[GSoC-PortA] Some feedback...

Ross Bennett rossbennett34 at gmail.com
Fri Oct 4 22:54:50 CEST 2013


I think I have a good first step in combining objective measures for all
portfolios in an opt.list object. My apologies in advance for the long
email, but I wanted to put this out there as this could be a pretty unique
feature in PortfolioAnalytics.

Here is an outline of what I am doing.

Step 1: Get the objectives from the portfolio$objectives slot from each
optimize.portfolio object in the opt.list object and combine into a single
list of objectives. I am careful with how I construct the list so that
risk_budget objectives are added last.

Step 2: Detect and remove duplicates by objective name and type.
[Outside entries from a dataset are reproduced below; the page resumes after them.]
(* For $r\ge1$ let $A_1^r=\{(\alpha_1,\alpha_2,\alpha_3)\in\mathbb{Z}_{\ge0}^3:\alpha_1\le1,\ \alpha_3=0,\ |\alpha|\le r\}$, $A_2^r=\{(\alpha_1,\alpha_2,\alpha_3):\alpha_1\le1,\ \alpha_2=0,\ \alpha_3\ge1,\ |\alpha|\le r\}$ and $\mathcal F_r=A_1^r\cup A_2^r$. Let $f(x|\theta,v,m)$ be the skew-normal kernel. Then for every $\alpha=(\alpha_1,\alpha_2,\alpha_3)\in\mathbb{Z}_{\ge0}^3$ there are polynomials $P^{\kappa}_{\alpha}(m)$, $H^{\kappa}_{\alpha}(m)$, $Q^{\kappa}_{\alpha}(v)$ (indexed by $\kappa$ in the set below), with $H^\kappa_\alpha(m)\ne0$ for $m\neq0$ and $Q^\kappa_\alpha(v)\ne0$ for $v>0$, such that for all $x,\theta\in\mathbb{R}$, $v>0$ and $m\neq0$, $$\frac{\partial^{|\alpha|}f}{\partial\theta^{\alpha_1}\partial v^{\alpha_2}\partial m^{\alpha_3}}=\sum_{\kappa}\frac{P^{\kappa}_{\alpha}(m)}{H^{\kappa}_{\alpha}(m)Q^{\kappa}_{\alpha}(v)}\frac{\partial^{|\kappa|}f}{\partial\theta^{\kappa_1}\partial v^{\kappa_2}\partial m^{\kappa_3}},$$ where the sum ranges over $\kappa\in\mathcal F_{|\alpha|}$ with $\kappa_1+2\kappa_2+2\kappa_3\le\alpha_1+2\alpha_2+2\alpha_3$.
   Context: Skew-normal kernel: $f(x|\theta,v,m)=\frac{2}{\sigma}\varphi\!\left(\frac{x-\theta}{\sigma}\right)\Phi\!\left(\frac{m(x-\theta)}{\sigma}\right)$ with $\sigma=\sqrt v$, $\varphi,\Phi$ the standard normal density and cdf. $|\alpha|=\alpha_1+\alpha_2+\alpha_3$. *)

From Stdlib Require Import Reals Lra Lia Arith List ClassicalEpsilon.
Open Scope R_scope.

Definition phi (z : R) : R := / sqrt (2 * PI) * exp (- (z ^ 2) / 2).

Lemma phi_continuity : continuity phi.
Proof.
  unfold phi. intro z.
  apply continuity_pt_mult.
  - apply continuity_pt_const. intros a b; reflexivity.
  - apply (continuity_pt_comp (fun z => - (z ^ 2) / 2) exp).
    + reg.
    + apply derivable_continuous_pt. apply derivable_pt_exp.
Qed.

Lemma phi_integrable (a b : R) : Riemann_integrable phi a b.
Proof.
  destruct (Rle_dec a b) as [H|H].
  - apply continuity_implies_RiemannInt; [exact H|].
    intros; apply phi_continuity.
  - apply RiemannInt_P1. apply continuity_implies_RiemannInt; [lra|].
    intros; apply phi_continuity.
Qed.

Definition Phi (z : R) : R := / 2 + RiemannInt (phi_integrable 0 z).

Definition skewf (x theta v m : R) : R :=
  2 / sqrt v * phi ((x - theta) / sqrt v) * Phi (m * (x - theta) / sqrt v).

(** Derivative of a one-variable function at a point: the (unique) l with
    derivable_pt_lim g x l, chosen by classical description (when it exists). *)
Definition Dpt (g : R -> R) (x : R) : R :=
  epsilon (inhabits 0) (fun l => derivable_pt_lim g x l).

Definition d_theta (F : R -> R -> R -> R) : R -> R -> R -> R :=
  fun t v m => Dpt (fun t' => F t' v m) t.
Definition d_v (F : R -> R -> R -> R) : R -> R -> R -> R :=
  fun t v m => Dpt (fun v' => F t v' m) v.
Definition d_m (F : R -> R -> R -> R) : R -> R -> R -> R :=
  fun t v m => Dpt (fun m' => F t v m') m.

Definition pderiv (a1 a2 a3 : nat) (F : R -> R -> R -> R) : R -> R -> R -> R :=
  Nat.iter a1 d_theta (Nat.iter a2 d_v (Nat.iter a3 d_m F)).

(** Univariate real polynomials as coefficient lists (constant term first). *)
Definition rpoly := list R.
Definition peval (p : rpoly) (x : R) : R := fold_right (fun a acc => a + x * acc) 0 p.

Definition inF (r k1 k2 k3 : nat) : bool :=
  (k1 <=? 1)%nat && (k1 + k2 + k3 <=? r)%nat &&
  ((k3 =? 0)%nat || ((k2 =? 0)%nat && (1 <=? k3)%nat)).

Definition idx (a1 a2 a3 k1 k2 k3 : nat) : bool :=
  inF (a1 + a2 + a3) k1 k2 k3 &&
  (k1 + 2 * k2 + 2 * k3 <=? a1 + 2 * a2 + 2 * a3)%nat.

(** Sum over k1 in 0..1, k2 in 0..r, k3 in 0..r of the terms with idx true
    (this covers all of F_r since |kappa| <= r). *)
Definition idx_sum (a1 a2 a3 : nat) (T : nat -> nat -> nat -> R) : R :=
  let r := (a1 + a2 + a3)%nat in
  sum_f_R0 (fun k1 => sum_f_R0 (fun k2 => sum_f_R0 (fun k3 =>
    if idx a1 a2 a3 k1 k2 k3 then T k1 k2 k3 else 0) r) r) 1.

From Stdlib Require Import Reals Lra Lia List Bool FunctionalExtensionality ClassicalEpsilon.
From Coquelicot Require Import Coquelicot.
Open Scope R_scope.

(* Write z = (x - theta) / sqrt v.  Every partial derivative of f is a finite sum of monomials
   c m^i (x - theta)^j v^(-k/2) K, where the kernel K is either phi(z) Phi(m z) or
   phi(z) phi(m z); differentiating such sums is a symbolic operation, which gives closed
   forms for all derivatives of f.  The density satisfies the two linear relations
     d^2f/dtheta^2 = 2 df/dv - m (1 + m^2) / v * df/dm,
     d^2f/dv dm    = - (1 + m^2) / (2 m v) * d^2f/dm^2 - 1 / v * df/dm,
   which eliminate a second theta-derivative and every mixed (v, m)-derivative.  Using them
   and the commutation of derivatives, induction on alpha writes d^alpha f as a combination
   of the d^kappa f, kappa in F_|alpha|, with coefficients P(m) / H(m) * v^-d.  Each
   theta-derivative costs a factor v^(-1/2) and each v-derivative a factor v^-1, so
   2 d + kappa1 + 2 kappa2 = alpha1 + 2 alpha2: the power of v depends only on kappa, and
   the coefficients of equal kappa add up to a single rational function of m. *)

Lemma is_derive_Phi z : is_derive Phi z (phi z).
Proof.
  assert (phi_cont : forall y, continuous phi y).
  { intro y. apply continuity_pt_filterlim, phi_continuity. }
  replace Phi with (fun y => / 2 + RInt phi 0 y).
  2:{ apply functional_extensionality; intro y.
      unfold Phi. now rewrite (RInt_Reals _ _ _ (phi_integrable 0 y)). }
  rewrite <- (Rplus_0_l (phi z)).
  apply (is_derive_plus (fun _ => / 2)); [apply (@is_derive_const R_AbsRing R_NormedModule)|].
  apply (is_derive_RInt _ _ 0); [|apply phi_cont].
  apply filter_forall; intro b. apply (@RInt_correct R_CompleteNormedModule).
  apply (@ex_RInt_continuous R_CompleteNormedModule). intros; apply phi_cont.
Qed.

Lemma Dpt_is_derive g y l : is_derive g y l -> Dpt g y = l.
Proof.
  intro Hl. apply is_derive_Reals in Hl.
  apply (uniqueness_limite g y _ _); [|exact Hl].
  unfold Dpt. apply epsilon_spec. now exists l.
Qed.

Lemma is_derive_eq_loc (f g : R -> R) y lf lg :
  locally y (fun z => f z = g z) -> is_derive f y lf -> is_derive g y lg -> lf = lg.
Proof.
  intros Efg Df Dg. apply (is_derive_ext_loc _ _ _ _ Efg), is_derive_unique in Df.
  rewrite <- Df. now apply is_derive_unique.
Qed.

Lemma is_derive_mult_eq (f g : R -> R) y df dg l :
  is_derive f y df -> is_derive g y dg -> df * g y + f y * dg = l ->
  is_derive (fun z => f z * g z) y l.
Proof. intros Df Dg <-. now apply Derive.is_derive_mult. Qed.

Lemma locally_pos v : 0 < v -> locally v (fun z => 0 < z).
Proof. intro Hv. now apply (open_gt 0). Qed.

Lemma locally_neq0 m : m <> 0 -> locally m (fun z => z <> 0).
Proof. intro Hm. now apply (open_neq 0). Qed.

Definition lsum {A} (f : A -> R) (L : list A) : R := fold_right (fun a s => f a + s) 0 L.

Lemma lsum_cons {A} (f : A -> R) a L : lsum f (a :: L) = f a + lsum f L.
Proof. reflexivity. Qed.

Lemma lsum_app {A} (f : A -> R) L1 L2 : lsum f (L1 ++ L2) = lsum f L1 + lsum f L2.
Proof. induction L1 as [|a L1 IH]; simpl; rewrite ?IH; ring. Qed.

Lemma lsum_map {A B} (f : B -> R) (g : A -> B) L : lsum f (map g L) = lsum (fun a => f (g a)) L.
Proof. induction L as [|a L IH]; simpl; rewrite ?IH; reflexivity. Qed.

Lemma lsum_flat_map {A B} (f : B -> R) (g : A -> list B) L :
  lsum f (flat_map g L) = lsum (fun a => lsum f (g a)) L.
Proof. induction L as [|a L IH]; simpl; rewrite ?lsum_app, ?IH; reflexivity. Qed.

Lemma lsum_scal {A} c (f : A -> R) L : lsum (fun a => c * f a) L = c * lsum f L.
Proof. induction L as [|a L IH]; simpl; rewrite ?IH; ring. Qed.

Lemma lsum_ext {A} (f g : A -> R) L : (forall a, In a L -> f a = g a) -> lsum f L = lsum g L.
Proof.
  induction L as [|a L IH]; intro E; simpl; [reflexivity|].
  rewrite E by (simpl; auto). f_equal. apply IH. intros b Hb. apply E. now right.
Qed.

Lemma is_derive_lsum {A} (F : A -> R -> R) (F' : A -> R) L y :
  (forall a, In a L -> is_derive (F a) y (F' a)) ->
  is_derive (fun z => lsum (fun a => F a z) L) y (lsum F' L).
Proof.
  induction L as [|a L IH]; intro D; simpl; [apply (@is_derive_const R_AbsRing R_NormedModule)|].
  apply (is_derive_plus (F a)); [apply D; now left|].
  apply IH. intros b Hb. apply D. now right.
Qed.

(** * Symbolic derivatives of the skew-normal kernel *)

Definition gauss (z : R) : R := exp (- z ^ 2 / 2).
Definition phi_norm : R := / sqrt (2 * PI).

Lemma is_derive_gauss z : is_derive gauss z (- z * gauss z).
Proof.
  unfold gauss. auto_derive; [auto|].
  replace (- (z * (z * 1)) * / 2) with (- z ^ 2 / 2) by field. field.
Qed.

Lemma is_derive_gauss_comp (g : R -> R) y l :
  is_derive g y l -> is_derive (fun z => gauss (g z)) y (- g y * l * gauss (g y)).
Proof.
  intro Dg. replace (- g y * l * gauss (g y)) with (scal l (- g y * gauss (g y))).
  - apply (is_derive_comp gauss g); [apply is_derive_gauss|exact Dg].
  - unfold scal; simpl; unfold mult; simpl. ring.
Qed.

Lemma is_derive_Phi_comp (g : R -> R) y l :
  is_derive g y l -> is_derive (fun z => Phi (g z)) y (phi_norm * l * gauss (g y)).
Proof.
  intro Dg. replace (phi_norm * l * gauss (g y)) with (scal l (phi (g y))).
  - apply (is_derive_comp Phi g); [apply is_derive_Phi|exact Dg].
  - unfold scal; simpl; unfold mult; simpl. unfold phi, phi_norm, gauss. ring.
Qed.

Inductive mono := Mono (c : R) (i j k : nat) (b : bool).

Definition mono_mul (c : R) (i j k : nat) (M : mono) : mono :=
  let 'Mono c' i' j' k' b := M in Mono (c * c') (i' + i) (j' + j) (k' + k) b.

Section Evaluation.
Variable x : R.

(* [gauss z = sqrt (2 PI) * phi z]; [b] selects the kernel phi(z) Phi(m z) or phi(z) phi(m z). *)
Definition kernel (b : bool) (t v m : R) : R :=
  gauss ((x - t) / sqrt v) *
  (if b then Phi (m * ((x - t) / sqrt v)) else gauss (m * ((x - t) / sqrt v))).

Definition eval_mono (t v m : R) (M : mono) : R :=
  let 'Mono c i j k b := M in c * m ^ i * (x - t) ^ j * (/ sqrt v) ^ k * kernel b t v m.

Definition eval_expr (t v m : R) (T : list mono) : R := lsum (eval_mono t v m) T.

Lemma eval_expr_cons t v m M T :
  eval_expr t v m (M :: T) = eval_mono t v m M + eval_expr t v m T.
Proof. reflexivity. Qed.

Lemma eval_expr_mul t v m c i j k T :
  eval_expr t v m (map (mono_mul c i j k) T) =
  c * m ^ i * (x - t) ^ j * (/ sqrt v) ^ k * eval_expr t v m T.
Proof.
  unfold eval_expr. rewrite lsum_map, <- lsum_scal.
  apply lsum_ext. intros [c' i' j' k' b] _. simpl. rewrite !pow_add. ring.
Qed.

End Evaluation.

Definition Dt_kernel (b : bool) : list mono :=
  if b then Mono 1 0 1 2 true :: Mono (- phi_norm) 1 0 1 false :: nil
  else Mono 1 0 1 2 false :: Mono 1 2 1 2 false :: nil.
Definition Dv_kernel (b : bool) : list mono :=
  if b then Mono (/ 2) 0 2 4 true :: Mono (- phi_norm / 2) 1 1 3 false :: nil
  else Mono (/ 2) 0 2 4 false :: Mono (/ 2) 2 2 4 false :: nil.
Definition Dm_kernel (b : bool) : list mono :=
  if b then Mono phi_norm 0 1 1 false :: nil else Mono (-1) 1 2 2 false :: nil.

(* Leibniz rule; for [j = 0] (resp. [k = 0], [i = 0]) the first monomial has coefficient 0. *)
Definition Dt_mono (M : mono) : list mono :=
  let 'Mono c i j k b := M in
  Mono (- (c * INR j)) i (pred j) k b :: map (mono_mul c i j k) (Dt_kernel b).
Definition Dv_mono (M : mono) : list mono :=
  let 'Mono c i j k b := M in
  Mono (- (c * INR k / 2)) i j (S (S k)) b :: map (mono_mul c i j k) (Dv_kernel b).
Definition Dm_mono (M : mono) : list mono :=
  let 'Mono c i j k b := M in
  Mono (c * INR i) (pred i) j k b :: map (mono_mul c i j k) (Dm_kernel b).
The last
objective is the one that is kept. This is the comprehensive objectives
list of all objectives from each optimize.portfolio object in opt.list.
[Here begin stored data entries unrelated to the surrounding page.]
(* Let $G=(V,E)$ be a finite undirected graph with $m=|E|\ge 1$ edges, and for each node $i\in V$ let $k_i$ denote its degree. Consider the random multigraph $G'$ produced by the configuration model from $G$ (see context). For nonnegative integers $a,b,c$ and positive integer $M$ define \[ A(a,b,M)=\sum_{t=1}^{\min\{a,b\}}(-1)^{t+1}\frac{\binom{a}{t}\binom{b}{t}\,t!}{\prod_{p=1}^{t}(2M+1-2p)}, \] \[ C(a,b,c,M)=\sum_{t=1}^{\min\{b,c-1\}}(-1)^{t+1}A(a,c-t,M-t)\,\frac{\binom{c}{t}\binom{b}{t}\,t!}{\prod_{p=1}^{t}(2M+1-2p)}, \] \[ T(a,b,c,M)=\sum_{t=1}^{\min\{a-1,b-1\}}(-1)^{t+1}C(a-t,b-t,c,M-t)\,\frac{\binom{a}{t}\binom{b}{t}\,t!}{\prod_{p=1}^{t}(2M+1-2p)}, \] with empty sums equal to $0$. Then for any three pairwise distinct nodes $i,j,r\in V$: (1) the probability that $i$ and $j$ are connected in $G'$ equals $A(k_i,k_j,m)$; (2) the probability that $i$ and $r$ are connected and $j$ and $r$ are connected in $G'$ equals $C(k_i,k_j,k_r,m)$; (3) the probability that $i$ and $r$ are connected, $j$ and $r$ are connected, and $i$ and $j$ are connected in $G'$ equals $T(k_i,k_j,k_r,m)$.
   Context: Configuration model: given $G=(V,E)$ with $m$ edges and degrees $k_i$, each node $i$ is given $k_i$ ''stubs'' (half-edges), for a total of $2m$ stubs. A perfect matching of the $2m$ stubs is chosen uniformly at random among all $(2m)!/(2^m m!)=\prod_{p=1}^{m}(2m+1-2p)$ perfect matchings; each matched pair of stubs, one attached to node $u$ and one to node $v$, becomes an edge $\{u,v\}$ of the random multigraph $G'$ (multi-edges and self-loops allowed). Thus every node keeps its degree $k_i$. Two distinct nodes $u,v$ are said to be connected in $G'$ if at least one stub of $u$ is matched with at least one stub of $v$. *)

From mathcomp Require Import all_boot all_order all_algebra all_fingroup.
Set Implicit Arguments. Unset Strict Implicit. Unset Printing Implicit Defensive.
Import Order.TTheory GRing.Theory Num.Theory.
Local Open Scope ring_scope.

Section Config.
Variables (V : finType) (e : rel V).

Definition deg (i : V) : nat := #|[set j | e i j]|.

Definition edges : {set {set V}} := [set [set x; y] | x in V, y in V & e x y].

Definition nedges : nat := #|edges|.

(* stubs: node i carries deg i stubs, (i, s) with s < deg i *)
Definition stub := {i : V & 'I_(deg i)}.

Definition owner (s : stub) : V := tag s.

(* perfect matchings of the stubs = fixed-point-free involutions *)
Definition matchings : {set {perm stub}} :=
  [set p : {perm stub} | [forall x, (p (p x) == x) && (p x != x)]].

Definition connected (p : {perm stub}) (u v : V) : bool :=
  [exists s : stub, (owner s == u) && (owner (p s) == v)].

Definition prob (P : pred {perm stub}) : rat :=
  (#|[set p in matchings | P p]|)%:R / (#|matchings|)%:R.

End Config.

Definition den (t : nat) (M : int) : rat :=
  \prod_(1 <= p < t.+1) ((2 * M + 1 - 2 * (p : int)) %:~R).

Definition coefA (a b t : nat) : rat := ('C(a, t) * 'C(b, t) * t`!)%:R.

Definition Afun (a b : nat) (M : int) : rat :=
  \sum_(1 <= t < (minn a b).+1)
     (-1) ^+ t.+1 * coefA a b t / den t M.

Definition Cfun (a b c : nat) (M : int) : rat :=
  \sum_(1 <= t < (minn b (c - 1)).+1)
     (-1) ^+ t.+1 * Afun a (c - t) (M - (t : int)) * coefA c b t / den t M.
Step 3: Insert the comprehensive objectives list into the
portfolio$objectives slot in each optimize.portfolio object in the opt.list
object. Then call constrained_objective given the returns, weights, and
portfolio of each optimize.portfolio object. This allows the use of
different returns, assets, and constraints, but calculates the same
objectives.

The drawbacks of this approach is that the objective_measures are
recalculated and handling multiple arguments with different values is
tricky.

For example, say we combine two optimize.portfolio objects and both have ES
as the only objective. The first object uses arguments=list(p=0.95,
clean="boudt") and the second object uses arguments=list(p=0.90,
clean="none") for the ES objective. The steps described above will use
p=0.90 and clean="none" to calculate the objective_measure.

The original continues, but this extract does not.